- Work to be completed: Copy the entries exactly, through the "move=> F_perp indF x." line.
+-------+
Lemma pair_insert_independent :
  (forall i, (i < 2 * k + l)%N -> om (F i) u = 0 /\ om (F i) v = 0) ->
  independent p (2 * k + l) F -> independent p (2 * k.+1 + l) (catf (2 * k.+1) h' e).
Proof.
move=> F_perp indF x.
pose y i := if (i < k)%N then x i.+1 else x i.+2.
rewrite (_ : 2 * k.+1 + l = (2 * k + l).+2)%N; last by lia.
rewrite (@eq_lincomb _ _ _ (pair_insert k u v F) _ (pair_insert k (x 0%N) (x k.+1) y)); last first.
  by move=> i _; rewrite catf_pair_insert -pair_insertK.
rewrite lincomb_pair_insert; last by lia.
move=> ex0; set S := lincomb (2 * k + l) F y in ex0.
have Su : om S u = 0 by apply: om_lincomb_eq0 => i /F_perp [].
have Sv : om S v = 0 by apply: om_lincomb_eq0 => i /F_perp [].
have px0 : (p %| x 0%N)%N.
  apply/Zp_nat_eq0; have := congr1 (om^~ v) ex0; rewrite /= !omDl om0l Sv addr0.
  by rewrite !omMnl uv omxx mul0rn addr0.
have pxk : (p %| x k.+1)%N.
  apply/Zp_nat_eq0; have := congr1 (om^~ u) ex0; rewrite /= !omDl om0l Su addr0.
  by rewrite !omMnl (omC u v) uv omxx mul0rn add0r mulNrn => /eqP; rewrite oppr_eq0 => /eqP.
have S0 : S = 0 by move: ex0; rewrite (mulrn_dvdp Q_exp _ px0) (mulrn_dvdp Q_exp _ pxk) !add0r.
move=> i il; rewrite (pair_insertK k x i).
case: (pair_insert_cases k i) => [->|hi|->|hi]; rewrite ?pair_insert0 ?pair_insert_mid //.
  by rewrite pair_insert_lo //; apply: (indF y S0); lia.
by rewrite pair_insert_hi //; apply: (indF y S0); lia.
Qed.

Lemma symplectic_basis_insert :
  symplectic_basis (om_perp K u v) k l h e -> symplectic_basis K k.+1 l h' e.
Proof.
case=> hK eK hh eh ee spanF indF.
have F_perp i : (i < 2 * k + l)%N -> om_perp K u v (F i).
  by move=> il; rewrite /F /catf; case: ifP => ik; [apply: hK | apply: eK; lia].
have hK' i : (i < 2 * k)%N -> K (h i) by move/hK => [].
split.
- move=> i ik; rewrite /h'.
  case: (pair_insert_cases k i) => [->|hi|->|hi]; rewrite ?pair_insert0 ?pair_insert_mid //.
    by rewrite pair_insert_lo //; apply: hK'; lia.
  by rewrite pair_insert_hi //; apply: hK'; lia.
- by move=> i /eK [].
- by apply: pair_insert_om_hh => // i /hK [_ []].
- move=> i j il jk; have [_ [eu ev]] := eK i il; rewrite /h'.
  case: (pair_insert_cases k j) => [->|hj|->|hj]; rewrite ?pair_insert0 ?pair_insert_mid //.
    by rewrite pair_insert_lo // eh //; lia.
  by rewrite pair_insert_hi // eh //; lia.
- exact: ee.
- exact: pair_insert_spans.
- by apply: pair_insert_independent => // i /F_perp [_].
Qed.

End InsertPair.

Lemma om_perp_zmod_sub K u v : zmod_sub K -> zmod_sub (om_perp K u v).
Proof.
case=> K0 [KD KN]; split; first by rewrite /om_perp !om0l.
split=> [x y [Kx [xu xv]] [Ky [yu yv]] | x [Kx [xu xv]]].
  by split; [exact: KD | rewrite !omDl xu yu xv yv addr0].
by split; [exact: KN | rewrite !omNl xu xv oppr0].
Qed.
+-------+
- Answer space:
Lemma pair_insert_independent :
  (forall i, (i < 2 * k + l)%N -> om (F i) u = 0 /\ om (F i) v = 0) ->
  independent p (2 * k + l) F -> independent p (2 * k.+1 + l) (catf (2 * k.+1) h' e).
Proof.
move=> F_perp indF x.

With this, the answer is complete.